Cumhurbaşkanı Derviş Eroğlu, Kıbrıs Türk tarafının bir anlaşma için istekli olduğunu ancak anlaşma olması için Kıbrıs Rum tarafının da aynı şekilde istekli olması gerektiğini söyledi.
Cumhurbaşkanlığı’ndan yapılan açıklamaya göre, Cumhurbaşkanı Eroğlu dün Cemal Adımlı başkanlığındaki UBP Güzelyurt Gençlik Kolları’nı kabul etti.
Kabulde konuşan Cemal Adımlı, UBP Güzelyurt Gençlik Kolları olarak yerel seçimler öncesi Cumhurbaşkanı Eroğlu’nu ziyaret ederek, görüşlerini almak istediklerini ifade etti. Adımlı, “Görüşme sürecinde UBP Gençlik Kolları olarak dün olduğu gibi bugün de sizin vereceğiniz kararların arkasında olduğumuzu iletmek istiyoruz ” dedi.
Cumhurbaşkanı Eroğlu da ziyaretten duyduğu memnuniyeti dile getirerek, “Gençlerin bizlere desteği hep devam etmiştir. Bugün de görüşme masasında olan bir ağabeyiniz olarak sizin desteğiniz beni memnun ediyor” diye konuştu.
“Bu yıl sonu bitmeli”
Öte yandan Cumhurbaşkanı Derviş Eroğlu, katıldığı bir televizyon programında müzakereleri ve ülke gündemini değerlendirdi.

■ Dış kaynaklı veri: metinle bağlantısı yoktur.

End Nonedges.

Definition degree_closed e A B m := forall a b, a \in A -> b \in B -> ~~ e a b ->
  deg_in e B a + deg_in e A b <= m.+1.

(* The complete case is needed for m = 1, where no t satisfies the count. *)
Definition edge_condition e A B m :=
  (forall a b, a \in A -> b \in B -> e a b) \/
  exists2 t, 0 < t & [/\ forall a, a \in A -> t <= deg_in e B a,
                         forall b, b \in B -> t <= deg_in e A b
                       & nonedges e A B < t * (m - t)].

Definition absorbable e A B m a b :=
  [/\ a \in A, b \in B, e a b, m.+2 <= deg_in e B a + deg_in e A b
    & edge_condition e (A :\ a) (B :\ b) m.-1].

Section Symmetry.
Variables (e : rel T) (A B : {set T}) (m : nat).
Hypothesis e_sym : symmetric e.

Lemma degree_closedC : degree_closed e A B m -> degree_closed e B A m.
Proof. by move=> dclosed b a bB aA nba; rewrite addnC dclosed // e_sym. Qed.

Lemma edge_conditionC : edge_condition e A B m -> edge_condition e B A m.
Proof.
case=> [AB|[t t_gt0 [dA dB few]]]; first by left=> b a bB aA; rewrite e_sym AB.
by right; exists t => //; split => //; rewrite nonedgesC.
Qed.

End Symmetry.

Lemma absorbableC e A B m a b : symmetric e -> absorbable e A B m a b -> absorbable e B A m b a.
Proof.
move=> e_sym [aA bB eab deg cond]; split; rewrite 1?e_sym 1?addnC //.
exact: edge_conditionC.
Qed.

Section TightVertex.
Variables (e : rel T) (A B : {set T}) (m t : nat).
Hypotheses (e_sym : symmetric e) (cA : #|A| = m) (cB : #|B| = m).
Hypotheses (dclosed : degree_closed e A B m) (t_gt0 : 0 < t).
Hypothesis degA : forall a, a \in A -> t <= deg_in e B a.
Hypothesis degB : forall b, b \in B -> t <= deg_in e A b.
Hypothesis few : nonedges e A B < t * (m - t).
Variable y : T.
Hypotheses (yB : y \in B) (dy : deg_in e A y = t).

Lemma tight_nondeg : nondeg_in e A y = m - t.
Proof. by have := deg_add_nondeg e A y; rewrite dy cA; lia. Qed.

Lemma tight_bounds : 1 < t /\ t < m.
Proof.
have : m - t <= nonedges e A B.
  by rewrite -nonedgesC // /nonedges (bigD1 y) //= tight_nondeg leq_addr.
by move: few; clear; nia.
Qed.

Lemma tight_nbr_nondeg x : x \in A -> e x y -> (nondeg_in e B x).+2 <= t.
Proof.
move=> xA exy; have [t_gt1 t_lt_m] := tight_bounds; set s := nondeg_in e B x.
have s_le : s <= m - t by have := degA xA; have := deg_add_nondeg e B x; rewrite cB; lia.
rewrite leqNgt; apply/negP => s_ge; set S := [set b in B | ~~ e x b].
have yS : y \notin S by rewrite inE exy andbF.
have nondegS b : b \in S -> m.-1 - s <= nondeg_in e A b.
  rewrite inE => /andP[bB nxb]; have := dclosed xA bB nxb.
  have := deg_add_nondeg e B x; have := deg_add_nondeg e A b; rewrite cA cB -/s; lia.
have : \sum_(b in y |: S) nondeg_in e A b <= nonedges e A B.
  rewrite -nonedgesC //; apply: leq_sum_subset.
  by apply/subsetP => b /setU1P[->|]; rewrite // inE => /andP[].
rewrite big_setU1 //= tight_nondeg => sum_le.
have : #|S| * (m.-1 - s) <= \sum_(b in S) nondeg_in e A b.
  by rewrite -sum_nat_const; apply: leq_sum.
have -> : #|S| = s by [].
by move: few sum_le s_ge s_le t_gt1 t_lt_m; clear; nia.
Qed.
(* There exists a recursive subset $\mathcal{A}\subseteq\mathbb{Z}$ which is closed in the profinite topology of $\mathbb{Z}$ and such that the function $n\mapsto\mathcal{A}\bmod n$ (for $n\ge1$) is not recursive.
   Context: $\mathcal{A}\bmod n=\{r\in\{0,\dots,n-1\}:\exists x\in\mathcal{A},\ x\equiv r\bmod n\}$. The profinite topology on $\mathbb{Z}$ has as basis of open sets the arithmetic progressions $m+p\mathbb{Z}$ ($m\in\mathbb{Z}$, $p\ge1$). *)

From Stdlib Require Import ZArith List Arith.
Import ListNotations.
Open Scope Z_scope.

Inductive code : Type :=
  | CZero : code
  | CSucc : code
  | CProj : nat -> code
  | CComp : code -> list code -> code
  | CRec  : code -> code -> code        (* primitive recursion on first argument *)
  | CMu   : code -> code.               (* least y with f (y :: xs) = 0 *)

Inductive eval : code -> list nat -> nat -> Prop :=
  | ev_zero : forall xs, eval CZero xs 0
  | ev_succ : forall x xs, eval CSucc (x :: xs) (S x)
  | ev_proj : forall i xs, eval (CProj i) xs (nth i xs 0%nat)
  | ev_comp : forall f gs xs ys y,
      evalL gs xs ys -> eval f ys y -> eval (CComp f gs) xs y
  | ev_rec0 : forall f g xs y, eval f xs y -> eval (CRec f g) (0%nat :: xs) y
  | ev_recS : forall f g n xs r y,
      eval (CRec f g) (n :: xs) r -> eval g (n :: r :: xs) y ->
      eval (CRec f g) (S n :: xs) y
  | ev_mu : forall f xs y,
      eval f (y :: xs) 0%nat ->
      (forall z, (z < y)%nat -> exists v, eval f (z :: xs) (S v)) ->
      eval (CMu f) xs y
with evalL : list code -> list nat -> list nat -> Prop :=
  | evL_nil : forall xs, evalL [] xs []
  | evL_cons : forall g gs xs y ys,
      eval g xs y -> evalL gs xs ys -> evalL (g :: gs) xs (y :: ys).

Definition Z_to_nat (z : Z) : nat :=
  if 0 <=? z then Z.to_nat (2 * z) else Z.to_nat (- 2 * z - 1).

Definition recursive_Zset (A : Z -> Prop) : Prop :=
  exists c : code, forall z : Z,
    (A z -> eval c [Z_to_nat z] 1%nat) /\ (~ A z -> eval c [Z_to_nat z] 0%nat).

Definition arith_prog (m p : Z) (x : Z) : Prop := exists k : Z, x = m + p * k.

Definition profinite_open (U : Z -> Prop) : Prop :=
  forall x, U x -> exists m p, 1 <= p /\ arith_prog m p x /\
                       (forall y, arith_prog m p y -> U y).

Definition profinite_closed (A : Z -> Prop) : Prop :=
  profinite_open (fun x => ~ A x).

Definition mod_set (A : Z -> Prop) (n : nat) (r : nat) : Prop :=
  (r < n)%nat /\ exists x, A x /\ x mod (Z.of_nat n) = Z.of_nat r.

(** The map n |-> A mod n (n >= 1), whose values are finite subsets of
    {0,...,n-1}, is recursive iff membership r \in A mod n is decidable by a
    code taking (n, r). *)
Definition recursive_mod_map (A : Z -> Prop) : Prop :=
  exists c : code, forall n r : nat, (1 <= n)%nat ->
    (mod_set A n r -> eval c [n; r] 1%nat) /\
    (~ mod_set A n r -> eval c [n; r] 0%nat).

(* Number the codes by [enc_code] and let [A] consist of [0] and the numbers
   [2^e (2w + 1)] for which [w] is the least certificate that the code numbered [e]
   outputs [0] on [(2^(e+1), 2^e)]. A certificate is a list of computation facts, each
   following by one rule of [eval] from facts in the list; checking one is primitive
   recursive, and every element [h] of [A] bounds its own [e] and [w], so [A] is
   recursive. Then [2^e] lies in [A mod 2^(e+1)] iff the code numbered [e] outputs [0]
   on [(2^(e+1), 2^e)], so a code computing [n |-> A mod n] contradicts itself on its
   own number. Finally, each [e] contributes at most one element of 2-adic valuation
   [e]; hence for every [T] all but finitely many elements of [A] are divisible by
   [2^T], and a nonzero [y] outside [A] is isolated from [A] by the progression
   [y + 2^T M Z] once [2^T > |y|] and [M] is large. *)

From Stdlib Require Import ZArith List Arith Lia Cantor Classical.
Import ListNotations.
Open Scope nat_scope.
Lemma sub_graph_extension : G `<=` graph_extension.
Proof. by move=> [v d] Gvd; exists v, d, 0; rewrite scale0r addr0. Qed.

Lemma linear_graph_extension : linear_graph graph_extension.
Proof.
have [funG linG] := gG.
split=> [z c c'|s z c z' c'].
  move=> [v [d [a [Gv [-> ->]]]]] [v' [d' [a' [Gv' [e ->]]]]].
  have [eq_a|neq_a] := eqVneq a a'.
    by move: e; rewrite eq_a => /addIr ev; rewrite ev in Gv; exact: funG Gv Gv'.
  (* otherwise y = (a - a')^-1 *: (v' - v) would already have a value *)
  exfalso; apply: (@y_free ((a - a')^-1 * (d' - d))).
  have Gdiff : G (v' - v, d' - d).
    by have := linG (-1) _ _ _ _ Gv Gv'; rewrite scaleN1r mulN1r addrC [_ + d']addrC.
  have ey : (a - a')^-1 *: (v' - v) = y.
    have <- : (a - a') *: y = v' - v.
      by rewrite scalerBl; apply/eqP; rewrite subr_eq addrAC -e addrC addKr.
    by rewrite scalerA mulVf ?scale1r // subr_eq0.
  by have := linG ((a - a')^-1) _ _ _ _ Gdiff G00; rewrite !addr0 ey.
move=> [v [d [a [Gv [-> ->]]]]] [v' [d' [a' [Gv' [-> ->]]]]].
exists (s *: v + v'), (s * d + d'), (s * a + a'); split; first exact: linG.
by rewrite scalerDr scalerDl scalerA addrACA.
Qed.

End Extension.

Lemma total_linear_graph (x : V) : x != 0 ->
  exists G, [/\ linear_graph G, G (x, 1) & forall y, exists c, G (y, c)].
Proof.
move=> x_neq0; pose line : set (V * k)%type := [set p | exists a, p = (a *: x, a)].
have gline : linear_graph line.
  split=> [z c c' [a [-> ->]] [b [e ->]]|a z c z' c' [e [-> ->]] [f [-> ->]]].
    have : (a - b) *: x = 0 by rewrite scalerBl e subrr.
    by move/eqP; rewrite scaler_eq0 (negbTE x_neq0) orbF subr_eq0 => /eqP.
  by exists (a * e + f); rewrite scalerDl scalerA.
have [A [gA Amax]] : exists A, linear_graph (A `|` line) /\
    forall B, A `<` B -> ~ linear_graph (B `|` line).
  by apply: Zorn_bigcup => F FP Ftot; exact: linear_graph_bigcup.
set G := A `|` line; have lineG : line `<=` G by move=> p; right.
exists G; split => //; first by apply: lineG; exists 1; rewrite scale1r.
move=> y; apply: contrapT => y_free.
have {}y_free c : ~ G (y, c) by move=> Gyc; apply: y_free; exists c.
have G00 : G (0, 0) by apply: lineG; exists 0; rewrite scale0r.
have GB := @sub_graph_extension G y.
apply: (Amax (graph_extension G y)).
  split; first by move=> p Ap; apply: GB; left.
  have By0 : graph_extension G y (y, 0) by exists 0, 0, 1; rewrite add0r scale1r.
  by move=> BA; apply: (@y_free 0); left; apply: BA.
rewrite setUidl; last by move=> p /lineG /GB.
exact: linear_graph_extension.
Qed.

Lemma scalar_of_linear_graph (G : set (V * k)%type) :
  linear_graph G -> (forall y, exists c, G (y, c)) ->
  exists v : {scalar V}, forall z c, G (z, c) -> v z = c.
Proof.
move=> [funG linG] totG; pose b z := projT1 (cid (totG z)).
have bP z : G (z, b z) := projT2 (cid (totG z)).
have b_lin a y z : b (a *: y + z) = a * b y + b z.
  exact: funG (bP _) (linG a _ _ _ _ (bP y) (bP z)).
exists (HB.pack b (GRing.isLinear.Build k V k^o *%R b b_lin) : {scalar V}).
by move=> z c Gzc; exact: funG (bP z) Gzc.
Qed.

Lemma scalar_eq1 (x : V) : x != 0 -> exists v : {scalar V}, v x = 1.
Proof.
move=> /total_linear_graph [G [gG Gx1 totG]].
by have [v vG] := scalar_of_linear_graph gG totG; exists v; exact: vG.
Qed.

Lemma scalar_ext (x y : V) : (forall v : {scalar V}, v x = v y) -> x = y.
Proof.
move=> exy; apply/eqP; rewrite -subr_eq0; apply/negPn/negP => /scalar_eq1 [v].
by rewrite linearB /= exy subrr => /eqP; rewrite eq_sym oner_eq0.
Qed.

End LinearGraph.

Section Tensor.
Variables (k : fieldType) (H : algType k).
Implicit Types (f u v : {scalar H}) (t w : tensor2 H).

Definition lcontract f t : H := \sum_(p <- t) f p.1 *: p.2.

Lemma ev2_lcontract f v t : ev2 f v t = v (lcontract f t).
Proof. by rewrite /lcontract linear_sum; apply: eq_bigr => p _; rewrite linearZ. Qed.

Lemma lcontract_teq2 f t w : teq2 t w -> lcontract f t = lcontract f w.
Proof. by move=> etw; apply: scalar_ext => v; rewrite -!ev2_lcontract etw. Qed.

Lemma lcontract_seq1 f (a b : H) : lcontract f [:: (a, b)] = f a *: b.
Proof. exact: big_seq1. Qed.

Lemma ev2_flip2 u v t : ev2 u v (flip2 t) = ev2 v u t.
Proof. by rewrite /ev2 big_map; apply: eq_bigr => p _; rewrite mulrC. Qed.

Lemma teq2_flip2 t w : teq2 t w -> teq2 (flip2 t) (flip2 w).
Proof. by move=> etw u v; rewrite !ev2_flip2 etw. Qed.

Lemma ev2_lin2 u v a t w : ev2 u v (lin2 a t w) = a * ev2 u v t + ev2 u v w.
Proof.
rewrite /ev2 /lin2 big_cat big_map mulr_sumr; congr (_ + _).
by apply: eq_bigr => p _ /=; rewrite linearZ mulrA.
Qed.

Lemma lcontract_mul2 f : (forall a b, f (a * b) = f a * f b) ->
  forall t w, lcontract f (mul2 t w) = lcontract f t * lcontract f w.
Proof.
move=> fM t w; rewrite /lcontract /mul2 big_allpairs_dep /= mulr_suml.
apply: eq_bigr => p _; rewrite mulr_sumr; apply: eq_bigr => q _ /=.
by rewrite fM -scalerAl -scalerAr scalerA.
Qed.

Lemma ev2_cop_sum (cop : H -> tensor2 H) :
  (forall a x y, teq2 (cop (a *: x + y)) (lin2 a (cop x) (cop y))) ->
  forall I (r : seq I) (F : I -> k) (G : I -> H) u v,
  ev2 u v (cop (\sum_(i <- r) F i *: G i)) = \sum_(i <- r) F i * ev2 u v (cop (G i)).
Proof.
move=> copL I r F G u v.
have cop0 : ev2 u v (cop 0) = 0.
  have := copL 1 0 0 u v; rewrite scaler0 addr0 ev2_lin2 mul1r => e.
  by apply: (addIr (ev2 u v (cop 0))); rewrite add0r -e.
elim: r => [|i r IHr]; first by rewrite !big_nil.
by rewrite !big_cons copL ev2_lin2 IHr.
Qed.

End Tensor.

Section Quasitriangular.
Variables (k : fieldType) (H : algType k).
Variables (cop : H -> tensor2 H) (eps : {scalar H}) (S : {linear H -> H}).
Variable R : tensor2 H.
Hypotheses (hopfH : is_hopf cop eps S) (qtR : quasitriangular cop R).

Lemma eps_grouplike_unit (x y : H) :
  teq2 (cop x) [:: (x, x)] -> y * x = 1 -> eps x = 1.
Proof.
have [_ [_ [_ [_ [_ [eps1 [counit _]]]]]]] := hopfH.
move=> cop_x yx1; have x_eps : x = eps x *: x.
  apply: scalar_ext => v; rewrite linearZ /= -[in LHS](proj1 (counit x)).
  by rewrite -ev2_lcontract cop_x /ev2 big_seq1.
by have := congr1 eps yx1; rewrite {1}x_eps -scalerAr linearZ /= yx1 eps1 mulr1.
Qed.

Lemma multiplicative_grouplike_neq0 (f : {scalar H}) (g : H) :
  (forall a b, f (a * b) = f a * f b) -> f 1 = 1 ->
  grouplike cop eps g -> f g != 0.
Proof.
have [_ [_ [_ [_ [_ [_ [_ antipode]]]]]]] := hopfH.
move=> fM f1 [cop_g eps_g]; apply/eqP => fg0.
(* f (S g) * f g = f (S g * g) = f (eps g *: 1) = 1 *)
have := congr1 f (proj1 (antipode g)); rewrite linearZ /= f1 eps_g mulr1.
rewrite linear_sum /= (eq_bigr (fun p => (f \o S) p.1 * f p.2)); last first.
  by move=> p _; rewrite fM.
by rewrite -[LHS]/(ev2 _ _ _) cop_g /ev2 big_seq1 /= fg0 mulr0 => /esym/eqP;
  rewrite oner_eq0.
Qed.

Variable f : {scalar H}.
Hypotheses (fM : forall a b, f (a * b) = f a * f b) (f1 : f 1 = 1).

Let phi := lcontract f R.

Lemma flip_cop_conj : exists2 psi, psi * phi = 1 &
  forall h, lcontract f (flip2 (cop h)) = phi * lcontract f (cop h) * psi.
Proof.
have [[Ri [_ RiR]] _ _ conj] := qtR; exists (lcontract f Ri).
  by rewrite -lcontract_mul2 // (lcontract_teq2 _ RiR) lcontract_seq1 f1 scale1r.
by move=> h; rewrite (lcontract_teq2 _ (conj Ri RiR h)) !lcontract_mul2.
Qed.

Lemma ev2_cop_phi (u v : {scalar H}) : ev2 u v (cop phi) = u phi * v phi.
Proof.
have [copL _] := hopfH; have [_ _ copR _] := qtR.
(* both sides are [ev3 f u v] of the two sides of (id (x) Delta)(R) = R13 R12 *)
have -> : ev2 u v (cop phi) = ev3 f u v (copr cop R).
  rewrite /phi /lcontract ev2_cop_sum // /ev3 /copr big_allpairs_dep.
  apply: eq_bigr => p _; rewrite /ev2 mulr_sumr.
  by apply: eq_bigr => q _ /=; rewrite mulrA.
rewrite copR /ev3 big_allpairs_dep /phi -!ev2_lcontract /ev2 mulrC mulr_suml.
apply: eq_bigr => p _; rewrite mulr_sumr; apply: eq_bigr => q _ /=.
by rewrite fM; ring.
Qed.

Lemma grouplike_phi : grouplike cop eps phi.
Proof.
have cop_phi : teq2 (cop phi) [:: (phi, phi)].
  by move=> u v; rewrite ev2_cop_phi /ev2 big_seq1.
split=> //; have [psi psi_phi _] := flip_cop_conj.
exact: eps_grouplike_unit psi_phi.
Qed.

Lemma central_dual_phi1 : in_finite_dual f -> phi = 1 -> central_dual cop f.
Proof.
move=> fin_f phi1; split=> // g _ h; have [psi psi_phi conj] := flip_cop_conj.
have psi1 : psi = 1 by rewrite -[psi]mulr1 -phi1 psi_phi.
by rewrite /conv -(ev2_flip2 f g) !ev2_lcontract conj phi1 psi1 mul1r mulr1.
Qed.

Lemma phi_comm_grouplike (g : H) : grouplike cop eps g -> phi * g = g * phi.
Proof.
move=> gg; have [cop_g _] := gg; have [psi psi_phi conj] := flip_cop_conj.
have := conj g; rewrite (lcontract_teq2 _ (teq2_flip2 cop_g)) (lcontract_teq2 _ cop_g).
rewrite /flip2 /= !lcontract_seq1 -scalerAr -scalerAl.
move=> /(scalerI (multiplicative_grouplike_neq0 fM f1 gg)) g_conj.
by rewrite {2}g_conj -mulrA psi_phi mulr1.
Qed.

End Quasitriangular.

Theorem mainTheorem12 (k : fieldType) (H : algType k)
  (cop : H -> tensor2 H) (eps : {scalar H}) (S : {linear H -> H})
  (R : tensor2 H) :
  is_hopf cop eps S -> quasitriangular cop R ->
  let trivG := forall f, grouplike_dual f -> is_unit_dual eps f in
  (* (i) |G(H^o)| = 1 *)
  trivG \/
  (* (ii) |G(H^o)| <> 1 and G(H^o) /\ Z(H^o) <> {1} *)
  (~ trivG /\
   exists f, [/\ grouplike_dual f, central_dual cop f & ~ is_unit_dual eps f]) \/
  (* (iii) |G(H^o)| <> 1, G(H^o) /\ Z(H^o) = {1}, Z(G(H)) <> {1} *)
  [/\ ~ trivG,
      (forall f, grouplike_dual f -> central_dual cop f -> is_unit_dual eps f) &
      exists g : H, [/\ grouplike cop eps g, g <> 1 &
         forall g', grouplike cop eps g' -> g * g' = g' * g]].
Proof.
move=> hopfH qtR trivG.
have [|ntrivG] := pselect trivG; first by left.
right; have [|no_central] := pselect (exists f, [/\ grouplike_dual f,
    central_dual cop f & ~ is_unit_dual eps f]); first by left.
right; split=> //.
  by move=> f gf cf; apply: contrapT => nuf; apply: no_central; exists f.
have [f [[fin_f fM f1] nuf]] : exists f, grouplike_dual f /\ ~ is_unit_dual eps f.
  have [f /not_implyP [gf nuf]] : exists f, ~ (grouplike_dual f -> is_unit_dual eps f).
    exact/existsNP.
  by exists f.
exists (lcontract f R); split.
- exact: (grouplike_phi hopfH qtR (f := f) fM f1).
- move=> phi1; apply: no_central; exists f; split=> //.
  exact: (central_dual_phi1 qtR (f := f)).
- exact: (phi_comm_grouplike hopfH qtR (f := f)).
Qed.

müzakereleri uzatmanın her iki halkta çözüm karşıtı davranışlar yaratabileceğini kaydederek, “Benim düşüncem müzakereleri bu yılsonuna kadar tamamlayıp referanduma sunmaktır. Rum’un düşüncesi 2015 yılı sonrasıdır. Bunun ortası olur mu olmaz mı bilemem” dedi.
Kıbrıs Türk tarafının müzakerelerin hızlanması talebi olduğunu belirten Eroğlu, ortak metinde bir zaman limitinin bulunmadığını anımsattı.
Derviş Eroğlu, “Birleşmiş Milletler (BM) Genel Sekreteri Ban Ki-moon ile yaptığım görüşmede artık bir takvim gündeme gelmesi yönündeki görüşümü dile getirdim. O da fazla gecikmeden müzakerelerin süratlendirilmesi, çözümlenmesi gerektiğine inandığını söyledi. Bizimle hemfikir olduğunu ifade etmesi bakımından önemli” dedi.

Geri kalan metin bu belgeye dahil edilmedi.